Extracted data entries:
::::
Lemma jump_mono gamma x y : 0 < gamma < 1 -> x <= y -> jump gamma x <= jump gamma y.
Proof. unfold jump. intros. nra. Qed.

Lemma one_minus_jump gamma x : 1 - jump gamma x = (1 - gamma) * (1 - x).
Proof. unfold jump. ring. Qed.

Section Characteristics.
Variables (sigma f m gamma : R) (u : R -> R -> R).
Hypothesis Hsol : classical_solution sigma f m gamma u.

Lemma u_cont_along (X : R -> R) T : 0 <= T -> (forall r, continuity_pt X r) ->
  (forall r, 0 <= r <= T -> 0 <= X r <= 1) -> cont_on (fun r => u (X r) r) 0 T.
Proof.
  intros HT HXc HXin s. destruct Hsol as [_ [Hc _]].
  set (s' := clamp 0 T s). assert (Hs' : 0 <= s' <= T) by (apply clamp_in; lra).
  apply ball_continuity_pt. intros eps He.
  destruct (Hc (X s') s' (conj (HXin _ Hs') (proj1 Hs')) eps He) as [d1 [Hd1 H1]].
  destruct (continuity_pt_ball X s' (HXc s') d1 Hd1) as [d2 [Hd2 H2]].
  exists (Rmin d1 d2). split; [apply Rmin_pos; lra|].
  intros y Hy. fold s'. set (y' := clamp 0 T y). assert (Hy' : 0 <= y' <= T) by (apply clamp_in; lra).
  assert (Hyy : Rabs (y' - s') < Rmin d1 d2)
    by (eapply Rle_lt_trans; [apply clamp_lipschitz; lra | exact Hy]).
  pose proof (Rmin_l d1 d2). pose proof (Rmin_r d1 d2).
  apply H1; [split; [apply HXin; auto | lra] | apply H2; lra | lra].
Qed.

Lemma u_cont_along_logistic T x : 0 <= T -> 0 <= x <= 1 ->
  cont_on (fun r => u (logistic sigma (r - T) x) r) 0 T.
Proof.
  intros HT Hx. apply u_cont_along; [exact HT | | intros r _; apply logistic_in, Hx].
  intros r. eapply is_derive_continuity_pt, is_derive_logistic, Hx.
Qed.

Lemma u_at_boundary x t : (x = 0 \/ x = 1) -> 0 < t ->
  is_derive (fun s => u x s) t (m * f / gamma * (u (jump gamma x) t - u x t)).
Proof.
  intros Hx Ht. destruct Hsol as [_ [_ [ux [ut [_ [Hut [_ [_ Heq]]]]]]]].
  assert (Hpos : Dpos x t) by (split; [lra | exact Ht]).
  apply (is_derive_eq _ _ _ _ (Hut x t Hpos)).
  pose proof (Heq x t Hpos) as E. unfold jump. destruct Hx as [-> | ->]; rewrite <- E; ring.
Qed.

Lemma is_derive_u_logistic T x s : 0 <= x <= 1 -> 0 < s ->
  is_derive (fun r => u (logistic sigma (r - T) x) r) s
    (m * f / gamma * (u (jump gamma (logistic sigma (s - T) x)) s - u (logistic sigma (s - T) x) s)).
Proof.
  intros Hx Hs.
  destruct (Req_dec x 0) as [-> | Hx0].
  { apply (is_derive_ext (fun r => u 0 r)); [intros t; rewrite logistic_at0; reflexivity|].
    rewrite logistic_at0. apply u_at_boundary; auto. }
  destruct (Req_dec x 1) as [-> | Hx1].
  { apply (is_derive_ext (fun r => u 1 r)); [intros t; rewrite logistic_at1; reflexivity|].
    rewrite logistic_at1. apply u_at_boundary; auto. }
  destruct Hsol as [_ [_ [ux [ut [Hux [Hut [Hcx [Hct Heq]]]]]]]].
  set (X := fun r => logistic sigma (r - T) x).
  assert (HX : 0 < X s < 1) by (split; [apply logistic_gt0 | apply logistic_lt1]; lra).
  set (dl := Rmin (Rmin (X s) (1 - X s)) s).
  assert (Hdl : 0 < dl) by (repeat apply Rmin_pos; lra).
  assert (Hbox : forall y t, Rabs (y - X s) < dl -> Rabs (t - s) < dl -> 0 < y < 1 /\ 0 < t).
  { intros y t H1 H2.
    pose proof (Rmin_l (Rmin (X s) (1 - X s)) s). pose proof (Rmin_r (Rmin (X s) (1 - X s)) s).
    pose proof (Rmin_l (X s) (1 - X s)). pose proof (Rmin_r (X s) (1 - X s)). fold dl in H, H0.
    apply Rabs_def2 in H1. apply Rabs_def2 in H2. lra. }
  apply (is_derive_eq _ _ (ux (X s) s * (sigma * X s * (1 - X s)) + ut (X s) s)).
  - apply (is_derive_along u ux ut (X s) s dl); [| exact Hdl | | reflexivity | apply is_derive_logistic, Hx].
    + intros y t H1 H2. destruct (Hbox y t H1 H2). split; [apply Hux; lra | apply Hut; split; lra].
    + intros eps He.
      destruct (Hcx (X s) s ltac:(split; lra) eps He) as [d1 [Hd1 H1]].
      destruct (Hct (X s) s ltac:(split; lra) eps He) as [d2 [Hd2 H2]].
      exists (Rmin dl (Rmin d1 d2)). split; [repeat apply Rmin_pos; lra|].
      intros y t Hy Ht.
      pose proof (Rmin_l dl (Rmin d1 d2)). pose proof (Rmin_r dl (Rmin d1 d2)).
      pose proof (Rmin_l d1 d2). pose proof (Rmin_r d1 d2).
      destruct (Hbox y t ltac:(lra) ltac:(lra)).
      split; [apply H1 | apply H2]; try split; lra.
  - pose proof (Heq (X s) s ltac:(split; lra)) as HE. change (logistic sigma (s - T) x) with (X s).
    unfold jump. rewrite <- HE. ring.
Qed.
::::
[Your task] Using the data above, reproduce exactly the lines between those holding "intros Hx Hs." and "assert (Hdl : 0", inclusive, and no others.

[Result of this exercise]
  intros Hx Hs.
  destruct (Req_dec x 0) as [-> | Hx0].
  { apply (is_derive_ext (fun r => u 0 r)); [intros t; rewrite logistic_at0; reflexivity|].
    rewrite logistic_at0. apply u_at_boundary; auto. }
  destruct (Req_dec x 1) as [-> | Hx1].
  { apply (is_derive_ext (fun r => u 1 r)); [intros t; rewrite logistic_at1; reflexivity|].
    rewrite logistic_at1. apply u_at_boundary; auto. }
  destruct Hsol as [_ [_ [ux [ut [Hux [Hut [Hcx [Hct Heq]]]]]]]].
  set (X := fun r => logistic sigma (r - T) x).
  assert (HX : 0 < X s < 1) by (split; [apply logistic_gt0 | apply logistic_lt1]; lra).
  set (dl := Rmin (Rmin (X s) (1 - X s)) s).
  assert (Hdl : 0 < dl) by (repeat apply Rmin_pos; lra).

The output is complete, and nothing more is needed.